**WHAT IS BEING ASKED**
Exact reproduction required: the lines below from the line with "Lemma hpoly_recr q" to the line with "rewrite /split_coefb /split_coefc", both ends included, and no others.
━━━━
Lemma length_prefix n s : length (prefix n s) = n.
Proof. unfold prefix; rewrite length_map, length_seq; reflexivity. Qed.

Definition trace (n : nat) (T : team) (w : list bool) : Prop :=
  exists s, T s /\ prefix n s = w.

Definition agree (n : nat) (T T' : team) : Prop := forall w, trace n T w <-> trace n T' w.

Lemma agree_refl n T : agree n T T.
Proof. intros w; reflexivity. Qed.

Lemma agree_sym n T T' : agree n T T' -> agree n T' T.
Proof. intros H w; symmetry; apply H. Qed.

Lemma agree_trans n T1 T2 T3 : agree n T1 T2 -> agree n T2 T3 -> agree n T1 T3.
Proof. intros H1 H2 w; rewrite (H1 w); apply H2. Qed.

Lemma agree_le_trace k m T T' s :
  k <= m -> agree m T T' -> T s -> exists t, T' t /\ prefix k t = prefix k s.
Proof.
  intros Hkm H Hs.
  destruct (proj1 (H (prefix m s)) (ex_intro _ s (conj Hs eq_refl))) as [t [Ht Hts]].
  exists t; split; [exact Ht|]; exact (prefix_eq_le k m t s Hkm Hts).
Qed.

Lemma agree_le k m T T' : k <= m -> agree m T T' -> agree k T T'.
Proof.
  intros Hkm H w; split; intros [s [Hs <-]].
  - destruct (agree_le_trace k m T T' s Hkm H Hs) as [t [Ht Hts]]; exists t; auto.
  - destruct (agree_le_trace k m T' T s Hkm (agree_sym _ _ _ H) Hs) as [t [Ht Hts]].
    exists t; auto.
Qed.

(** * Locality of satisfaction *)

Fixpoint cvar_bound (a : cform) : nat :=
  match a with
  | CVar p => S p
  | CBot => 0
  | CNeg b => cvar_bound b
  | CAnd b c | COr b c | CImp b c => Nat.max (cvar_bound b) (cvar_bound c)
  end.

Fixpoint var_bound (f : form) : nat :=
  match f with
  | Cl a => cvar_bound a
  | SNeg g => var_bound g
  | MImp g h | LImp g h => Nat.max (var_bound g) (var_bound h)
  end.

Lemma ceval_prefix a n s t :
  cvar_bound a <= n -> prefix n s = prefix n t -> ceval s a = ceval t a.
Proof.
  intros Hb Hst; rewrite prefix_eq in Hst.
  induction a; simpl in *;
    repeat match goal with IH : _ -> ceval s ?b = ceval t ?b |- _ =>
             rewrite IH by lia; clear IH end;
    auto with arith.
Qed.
━━━━
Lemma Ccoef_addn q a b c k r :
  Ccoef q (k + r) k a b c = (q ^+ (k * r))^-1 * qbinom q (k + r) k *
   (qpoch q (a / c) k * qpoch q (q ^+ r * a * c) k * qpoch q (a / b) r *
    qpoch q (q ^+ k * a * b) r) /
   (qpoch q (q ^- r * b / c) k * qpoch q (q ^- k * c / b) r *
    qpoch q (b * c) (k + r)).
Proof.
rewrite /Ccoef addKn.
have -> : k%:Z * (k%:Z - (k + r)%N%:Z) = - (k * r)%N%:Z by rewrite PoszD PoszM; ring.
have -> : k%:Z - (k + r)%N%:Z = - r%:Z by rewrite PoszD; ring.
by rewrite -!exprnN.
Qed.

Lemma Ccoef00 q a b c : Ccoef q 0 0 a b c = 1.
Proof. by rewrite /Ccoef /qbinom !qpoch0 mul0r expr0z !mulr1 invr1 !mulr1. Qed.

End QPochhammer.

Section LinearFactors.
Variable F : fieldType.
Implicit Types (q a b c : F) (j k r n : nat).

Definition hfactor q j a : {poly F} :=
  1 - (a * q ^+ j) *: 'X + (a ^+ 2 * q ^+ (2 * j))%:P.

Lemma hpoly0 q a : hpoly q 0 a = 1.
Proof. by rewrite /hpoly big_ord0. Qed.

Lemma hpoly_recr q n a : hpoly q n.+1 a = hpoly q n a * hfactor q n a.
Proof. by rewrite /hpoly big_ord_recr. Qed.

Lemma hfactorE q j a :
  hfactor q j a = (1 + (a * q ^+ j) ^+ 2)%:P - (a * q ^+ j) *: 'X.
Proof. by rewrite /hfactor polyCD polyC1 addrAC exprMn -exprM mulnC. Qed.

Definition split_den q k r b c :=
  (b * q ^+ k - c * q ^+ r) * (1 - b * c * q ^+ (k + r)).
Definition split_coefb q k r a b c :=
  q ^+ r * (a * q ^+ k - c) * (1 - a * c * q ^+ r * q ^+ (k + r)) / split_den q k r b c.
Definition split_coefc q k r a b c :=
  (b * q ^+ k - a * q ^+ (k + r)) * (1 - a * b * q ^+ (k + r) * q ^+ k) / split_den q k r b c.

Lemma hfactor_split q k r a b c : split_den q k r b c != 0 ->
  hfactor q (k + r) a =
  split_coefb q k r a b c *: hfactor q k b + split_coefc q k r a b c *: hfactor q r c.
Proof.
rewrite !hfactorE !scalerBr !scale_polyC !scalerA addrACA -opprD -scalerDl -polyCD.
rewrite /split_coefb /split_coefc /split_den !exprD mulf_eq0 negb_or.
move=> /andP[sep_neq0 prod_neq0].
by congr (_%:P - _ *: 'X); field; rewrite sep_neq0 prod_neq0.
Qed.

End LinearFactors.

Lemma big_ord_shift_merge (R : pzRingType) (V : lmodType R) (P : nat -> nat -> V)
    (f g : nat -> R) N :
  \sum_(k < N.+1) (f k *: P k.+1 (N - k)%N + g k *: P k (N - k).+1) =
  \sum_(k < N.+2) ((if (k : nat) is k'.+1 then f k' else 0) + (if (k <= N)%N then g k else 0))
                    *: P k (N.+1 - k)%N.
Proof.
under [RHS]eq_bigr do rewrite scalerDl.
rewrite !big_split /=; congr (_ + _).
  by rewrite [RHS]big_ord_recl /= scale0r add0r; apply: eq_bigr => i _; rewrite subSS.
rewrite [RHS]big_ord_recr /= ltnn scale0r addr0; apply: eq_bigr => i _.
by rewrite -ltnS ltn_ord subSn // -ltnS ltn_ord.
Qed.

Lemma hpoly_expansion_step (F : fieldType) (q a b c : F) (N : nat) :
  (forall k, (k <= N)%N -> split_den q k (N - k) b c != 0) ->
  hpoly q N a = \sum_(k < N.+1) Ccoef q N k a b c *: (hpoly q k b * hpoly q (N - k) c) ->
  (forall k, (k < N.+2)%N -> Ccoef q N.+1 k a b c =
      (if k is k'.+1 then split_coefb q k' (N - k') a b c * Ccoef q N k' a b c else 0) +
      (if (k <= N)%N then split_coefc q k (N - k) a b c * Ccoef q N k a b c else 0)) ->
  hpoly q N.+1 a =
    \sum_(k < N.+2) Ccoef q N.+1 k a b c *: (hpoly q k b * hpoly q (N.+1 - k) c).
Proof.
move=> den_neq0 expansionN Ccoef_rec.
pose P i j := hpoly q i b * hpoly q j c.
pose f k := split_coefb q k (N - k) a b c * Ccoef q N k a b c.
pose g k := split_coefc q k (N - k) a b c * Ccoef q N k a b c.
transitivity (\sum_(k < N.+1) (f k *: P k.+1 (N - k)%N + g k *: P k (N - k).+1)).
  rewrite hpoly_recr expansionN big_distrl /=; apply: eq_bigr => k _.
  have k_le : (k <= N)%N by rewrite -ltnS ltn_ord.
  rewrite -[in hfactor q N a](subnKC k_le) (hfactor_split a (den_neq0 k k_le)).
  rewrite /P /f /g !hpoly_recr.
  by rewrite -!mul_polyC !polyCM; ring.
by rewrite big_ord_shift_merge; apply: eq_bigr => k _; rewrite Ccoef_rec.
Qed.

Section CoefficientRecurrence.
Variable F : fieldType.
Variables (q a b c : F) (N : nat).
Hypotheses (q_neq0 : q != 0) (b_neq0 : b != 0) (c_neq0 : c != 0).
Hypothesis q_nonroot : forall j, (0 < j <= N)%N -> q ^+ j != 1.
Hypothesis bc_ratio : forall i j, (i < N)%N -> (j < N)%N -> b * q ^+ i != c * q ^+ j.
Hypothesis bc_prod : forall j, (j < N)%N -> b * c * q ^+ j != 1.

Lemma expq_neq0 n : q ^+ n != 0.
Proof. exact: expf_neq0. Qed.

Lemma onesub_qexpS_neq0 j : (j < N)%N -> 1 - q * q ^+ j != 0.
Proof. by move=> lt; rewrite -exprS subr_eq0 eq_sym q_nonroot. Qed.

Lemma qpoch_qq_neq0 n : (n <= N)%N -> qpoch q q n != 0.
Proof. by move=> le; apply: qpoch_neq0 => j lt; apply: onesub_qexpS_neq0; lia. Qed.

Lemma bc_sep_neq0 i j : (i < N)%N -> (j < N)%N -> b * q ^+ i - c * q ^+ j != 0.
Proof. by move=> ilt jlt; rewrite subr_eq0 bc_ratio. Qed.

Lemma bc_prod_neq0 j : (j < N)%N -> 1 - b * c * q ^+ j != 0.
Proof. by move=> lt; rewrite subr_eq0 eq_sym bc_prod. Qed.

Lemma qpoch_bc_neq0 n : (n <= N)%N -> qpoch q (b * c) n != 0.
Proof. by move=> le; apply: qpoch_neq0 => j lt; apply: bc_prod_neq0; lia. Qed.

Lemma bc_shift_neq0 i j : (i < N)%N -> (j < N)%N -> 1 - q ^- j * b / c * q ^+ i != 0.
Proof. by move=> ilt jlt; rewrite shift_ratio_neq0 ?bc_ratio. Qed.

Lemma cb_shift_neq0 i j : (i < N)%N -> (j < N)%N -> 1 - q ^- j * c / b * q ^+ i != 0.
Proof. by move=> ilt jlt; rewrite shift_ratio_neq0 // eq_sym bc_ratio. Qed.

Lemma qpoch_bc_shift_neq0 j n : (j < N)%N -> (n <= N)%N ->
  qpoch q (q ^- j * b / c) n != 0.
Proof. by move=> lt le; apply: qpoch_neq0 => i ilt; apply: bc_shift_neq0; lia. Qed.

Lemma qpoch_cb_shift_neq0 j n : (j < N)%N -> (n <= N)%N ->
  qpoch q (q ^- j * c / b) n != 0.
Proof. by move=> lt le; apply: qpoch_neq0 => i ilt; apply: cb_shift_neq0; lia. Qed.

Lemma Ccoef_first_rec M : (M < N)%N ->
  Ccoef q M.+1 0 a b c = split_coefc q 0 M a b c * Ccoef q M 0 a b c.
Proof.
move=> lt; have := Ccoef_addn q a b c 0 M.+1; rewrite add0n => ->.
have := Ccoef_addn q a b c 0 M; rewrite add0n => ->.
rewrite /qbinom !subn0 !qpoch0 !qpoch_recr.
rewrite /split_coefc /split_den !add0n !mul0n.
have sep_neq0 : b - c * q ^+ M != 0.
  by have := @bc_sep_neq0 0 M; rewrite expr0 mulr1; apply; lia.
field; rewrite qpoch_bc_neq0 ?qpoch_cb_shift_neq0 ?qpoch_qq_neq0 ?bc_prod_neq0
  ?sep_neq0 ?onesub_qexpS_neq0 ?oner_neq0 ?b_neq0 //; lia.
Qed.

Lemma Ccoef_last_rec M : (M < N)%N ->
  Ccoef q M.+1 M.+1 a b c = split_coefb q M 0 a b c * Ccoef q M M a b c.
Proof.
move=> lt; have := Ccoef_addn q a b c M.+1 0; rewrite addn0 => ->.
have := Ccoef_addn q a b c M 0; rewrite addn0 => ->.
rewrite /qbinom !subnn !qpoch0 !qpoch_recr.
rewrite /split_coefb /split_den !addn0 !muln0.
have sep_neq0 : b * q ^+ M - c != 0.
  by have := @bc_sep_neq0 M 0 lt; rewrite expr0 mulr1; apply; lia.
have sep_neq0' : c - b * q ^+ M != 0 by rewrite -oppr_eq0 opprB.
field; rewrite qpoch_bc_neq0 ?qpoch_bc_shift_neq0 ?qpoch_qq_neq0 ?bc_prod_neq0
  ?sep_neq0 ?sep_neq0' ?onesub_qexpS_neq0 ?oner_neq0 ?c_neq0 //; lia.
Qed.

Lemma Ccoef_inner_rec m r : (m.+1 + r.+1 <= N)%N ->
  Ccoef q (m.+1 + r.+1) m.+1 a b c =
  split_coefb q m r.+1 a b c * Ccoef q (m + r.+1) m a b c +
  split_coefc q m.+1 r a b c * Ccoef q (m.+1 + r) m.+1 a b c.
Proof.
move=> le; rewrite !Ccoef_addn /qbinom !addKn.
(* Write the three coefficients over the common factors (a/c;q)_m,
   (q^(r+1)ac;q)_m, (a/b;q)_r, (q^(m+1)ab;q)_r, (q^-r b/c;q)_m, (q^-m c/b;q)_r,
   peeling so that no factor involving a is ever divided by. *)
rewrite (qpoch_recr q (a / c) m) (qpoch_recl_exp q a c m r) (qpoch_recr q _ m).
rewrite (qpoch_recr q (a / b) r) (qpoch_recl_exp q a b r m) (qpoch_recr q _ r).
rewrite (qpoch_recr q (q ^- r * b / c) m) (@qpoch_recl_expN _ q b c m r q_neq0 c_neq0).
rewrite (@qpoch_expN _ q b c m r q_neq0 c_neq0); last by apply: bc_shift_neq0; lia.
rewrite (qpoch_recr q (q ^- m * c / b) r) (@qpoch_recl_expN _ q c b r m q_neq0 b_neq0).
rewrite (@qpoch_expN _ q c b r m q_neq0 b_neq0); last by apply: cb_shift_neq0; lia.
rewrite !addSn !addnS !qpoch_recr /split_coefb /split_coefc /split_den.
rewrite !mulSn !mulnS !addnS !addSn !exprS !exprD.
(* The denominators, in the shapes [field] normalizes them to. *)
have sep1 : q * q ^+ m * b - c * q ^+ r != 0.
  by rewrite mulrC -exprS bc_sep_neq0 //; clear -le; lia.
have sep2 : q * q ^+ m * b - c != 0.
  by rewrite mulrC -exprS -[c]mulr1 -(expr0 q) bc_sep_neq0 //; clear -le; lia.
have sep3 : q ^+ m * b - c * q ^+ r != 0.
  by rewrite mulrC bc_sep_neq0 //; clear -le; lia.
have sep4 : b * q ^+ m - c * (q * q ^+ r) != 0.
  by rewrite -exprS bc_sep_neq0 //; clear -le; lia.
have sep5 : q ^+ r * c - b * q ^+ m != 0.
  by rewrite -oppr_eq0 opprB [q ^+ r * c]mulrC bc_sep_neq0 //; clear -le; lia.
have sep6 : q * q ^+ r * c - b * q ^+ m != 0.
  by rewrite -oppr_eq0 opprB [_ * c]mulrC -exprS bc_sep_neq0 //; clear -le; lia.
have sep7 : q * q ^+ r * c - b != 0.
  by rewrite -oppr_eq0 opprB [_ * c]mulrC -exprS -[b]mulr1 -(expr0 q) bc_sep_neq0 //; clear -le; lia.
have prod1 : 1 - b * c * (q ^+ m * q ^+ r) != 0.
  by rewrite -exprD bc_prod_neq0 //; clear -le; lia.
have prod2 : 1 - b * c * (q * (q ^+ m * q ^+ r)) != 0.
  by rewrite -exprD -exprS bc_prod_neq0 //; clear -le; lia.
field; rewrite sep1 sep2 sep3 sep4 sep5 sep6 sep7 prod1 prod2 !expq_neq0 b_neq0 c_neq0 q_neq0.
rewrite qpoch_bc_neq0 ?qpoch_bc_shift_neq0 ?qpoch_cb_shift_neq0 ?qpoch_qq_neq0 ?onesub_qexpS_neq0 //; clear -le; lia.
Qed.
━━━━
**TASK RESULT**
Lemma hpoly_recr q n a : hpoly q n.+1 a = hpoly q n a * hfactor q n a.
Proof. by rewrite /hpoly big_ord_recr. Qed.

Lemma hfactorE q j a :
  hfactor q j a = (1 + (a * q ^+ j) ^+ 2)%:P - (a * q ^+ j) *: 'X.
Proof. by rewrite /hfactor polyCD polyC1 addrAC exprMn -exprM mulnC. Qed.

Definition split_den q k r b c :=
  (b * q ^+ k - c * q ^+ r) * (1 - b * c * q ^+ (k + r)).
Definition split_coefb q k r a b c :=
  q ^+ r * (a * q ^+ k - c) * (1 - a * c * q ^+ r * q ^+ (k + r)) / split_den q k r b c.
Definition split_coefc q k r a b c :=
  (b * q ^+ k - a * q ^+ (k + r)) * (1 - a * b * q ^+ (k + r) * q ^+ k) / split_den q k r b c.

Lemma hfactor_split q k r a b c : split_den q k r b c != 0 ->
  hfactor q (k + r) a =
  split_coefb q k r a b c *: hfactor q k b + split_coefc q k r a b c *: hfactor q r c.
Proof.
rewrite !hfactorE !scalerBr !scale_polyC !scalerA addrACA -opprD -scalerDl -polyCD.
rewrite /split_coefb /split_coefc /split_den !exprD mulf_eq0 negb_or.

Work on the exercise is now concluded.